• [WHAT YOU SHOULD DO]:
Using the entries below, show all lines with the string "last".

== EXTRACTED ENTRIES ==

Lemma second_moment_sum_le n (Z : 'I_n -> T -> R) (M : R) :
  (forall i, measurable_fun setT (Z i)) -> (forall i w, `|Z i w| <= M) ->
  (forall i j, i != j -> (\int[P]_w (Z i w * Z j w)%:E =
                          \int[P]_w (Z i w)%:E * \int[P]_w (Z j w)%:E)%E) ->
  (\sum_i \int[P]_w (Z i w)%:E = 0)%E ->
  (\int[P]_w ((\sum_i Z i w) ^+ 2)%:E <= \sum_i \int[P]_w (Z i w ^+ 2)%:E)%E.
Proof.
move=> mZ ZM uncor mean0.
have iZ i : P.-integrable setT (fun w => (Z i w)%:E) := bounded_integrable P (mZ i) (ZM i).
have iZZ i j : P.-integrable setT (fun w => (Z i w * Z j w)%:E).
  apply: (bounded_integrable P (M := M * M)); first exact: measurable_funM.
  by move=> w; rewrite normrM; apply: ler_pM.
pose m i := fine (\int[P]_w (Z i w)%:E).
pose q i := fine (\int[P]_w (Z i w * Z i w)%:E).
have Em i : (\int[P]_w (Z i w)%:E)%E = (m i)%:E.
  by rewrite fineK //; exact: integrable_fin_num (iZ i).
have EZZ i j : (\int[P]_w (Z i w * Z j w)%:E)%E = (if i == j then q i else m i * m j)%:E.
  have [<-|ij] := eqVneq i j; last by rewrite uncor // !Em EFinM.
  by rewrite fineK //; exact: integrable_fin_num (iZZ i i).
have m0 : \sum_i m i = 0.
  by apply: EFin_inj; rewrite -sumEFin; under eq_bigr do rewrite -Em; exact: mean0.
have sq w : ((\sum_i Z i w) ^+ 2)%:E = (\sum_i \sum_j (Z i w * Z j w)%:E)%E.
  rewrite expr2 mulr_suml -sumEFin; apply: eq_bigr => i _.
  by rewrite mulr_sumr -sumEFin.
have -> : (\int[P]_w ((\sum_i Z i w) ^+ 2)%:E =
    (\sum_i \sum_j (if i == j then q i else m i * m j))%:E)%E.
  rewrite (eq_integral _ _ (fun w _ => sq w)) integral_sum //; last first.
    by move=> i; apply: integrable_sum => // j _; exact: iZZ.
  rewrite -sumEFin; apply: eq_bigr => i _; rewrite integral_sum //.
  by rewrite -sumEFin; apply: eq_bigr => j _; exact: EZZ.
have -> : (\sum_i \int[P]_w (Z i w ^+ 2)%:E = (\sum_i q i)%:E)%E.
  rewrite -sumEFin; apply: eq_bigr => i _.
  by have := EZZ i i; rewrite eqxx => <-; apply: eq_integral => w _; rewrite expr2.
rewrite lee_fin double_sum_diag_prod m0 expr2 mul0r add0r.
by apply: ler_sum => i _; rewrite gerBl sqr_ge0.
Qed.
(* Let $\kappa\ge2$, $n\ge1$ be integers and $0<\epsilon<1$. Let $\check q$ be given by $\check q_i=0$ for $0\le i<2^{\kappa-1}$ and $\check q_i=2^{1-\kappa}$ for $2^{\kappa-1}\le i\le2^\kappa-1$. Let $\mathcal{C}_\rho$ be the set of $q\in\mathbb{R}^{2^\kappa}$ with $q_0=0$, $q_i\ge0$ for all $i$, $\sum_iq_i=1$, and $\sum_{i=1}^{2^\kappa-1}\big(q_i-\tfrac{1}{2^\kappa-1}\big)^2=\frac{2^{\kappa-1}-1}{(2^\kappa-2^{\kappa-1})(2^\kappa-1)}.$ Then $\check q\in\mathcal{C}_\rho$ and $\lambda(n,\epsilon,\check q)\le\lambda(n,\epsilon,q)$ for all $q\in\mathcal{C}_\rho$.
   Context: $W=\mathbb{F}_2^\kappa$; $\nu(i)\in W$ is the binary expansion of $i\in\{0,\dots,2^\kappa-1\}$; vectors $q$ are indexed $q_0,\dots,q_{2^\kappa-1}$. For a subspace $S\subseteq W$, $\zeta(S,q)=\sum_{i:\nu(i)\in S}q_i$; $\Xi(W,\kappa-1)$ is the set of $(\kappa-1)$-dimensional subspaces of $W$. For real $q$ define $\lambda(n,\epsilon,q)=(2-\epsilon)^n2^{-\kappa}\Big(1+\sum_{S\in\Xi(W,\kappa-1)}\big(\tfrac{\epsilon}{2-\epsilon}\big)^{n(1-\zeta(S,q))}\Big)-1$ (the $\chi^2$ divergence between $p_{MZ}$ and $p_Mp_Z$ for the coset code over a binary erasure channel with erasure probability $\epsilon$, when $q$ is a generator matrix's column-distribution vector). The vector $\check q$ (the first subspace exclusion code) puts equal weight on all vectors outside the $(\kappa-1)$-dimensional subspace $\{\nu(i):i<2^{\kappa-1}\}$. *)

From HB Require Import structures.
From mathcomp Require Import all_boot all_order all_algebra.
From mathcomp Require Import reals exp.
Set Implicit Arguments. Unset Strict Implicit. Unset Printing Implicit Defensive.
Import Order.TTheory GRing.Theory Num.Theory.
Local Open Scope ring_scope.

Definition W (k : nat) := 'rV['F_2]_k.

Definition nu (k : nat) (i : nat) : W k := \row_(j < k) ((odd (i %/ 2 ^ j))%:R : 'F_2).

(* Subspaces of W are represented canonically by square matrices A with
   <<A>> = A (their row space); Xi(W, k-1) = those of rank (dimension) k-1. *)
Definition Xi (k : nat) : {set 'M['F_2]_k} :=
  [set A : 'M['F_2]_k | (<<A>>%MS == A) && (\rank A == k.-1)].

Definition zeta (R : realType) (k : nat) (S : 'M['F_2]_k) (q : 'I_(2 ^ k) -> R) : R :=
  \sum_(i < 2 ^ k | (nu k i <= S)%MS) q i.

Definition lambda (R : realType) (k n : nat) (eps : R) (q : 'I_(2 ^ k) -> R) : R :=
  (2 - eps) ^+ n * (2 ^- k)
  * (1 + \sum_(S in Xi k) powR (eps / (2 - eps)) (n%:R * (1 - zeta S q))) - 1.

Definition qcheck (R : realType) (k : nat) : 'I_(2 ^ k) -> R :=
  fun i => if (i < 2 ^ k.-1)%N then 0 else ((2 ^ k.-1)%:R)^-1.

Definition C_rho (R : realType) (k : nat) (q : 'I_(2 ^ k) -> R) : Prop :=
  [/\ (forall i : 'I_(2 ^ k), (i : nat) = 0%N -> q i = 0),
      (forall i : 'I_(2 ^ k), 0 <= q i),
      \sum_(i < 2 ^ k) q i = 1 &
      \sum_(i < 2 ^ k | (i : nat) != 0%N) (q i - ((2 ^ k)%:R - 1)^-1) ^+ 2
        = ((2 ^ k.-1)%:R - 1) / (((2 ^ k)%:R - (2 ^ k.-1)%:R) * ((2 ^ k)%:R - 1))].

===

• [ANSWER FOR THIS EXERCISE]:
  have [<-|ij] := eqVneq i j; last by rewrite uncor // !Em EFinM.
  rewrite (eq_integral _ _ (fun w _ => sq w)) integral_sum //; last first.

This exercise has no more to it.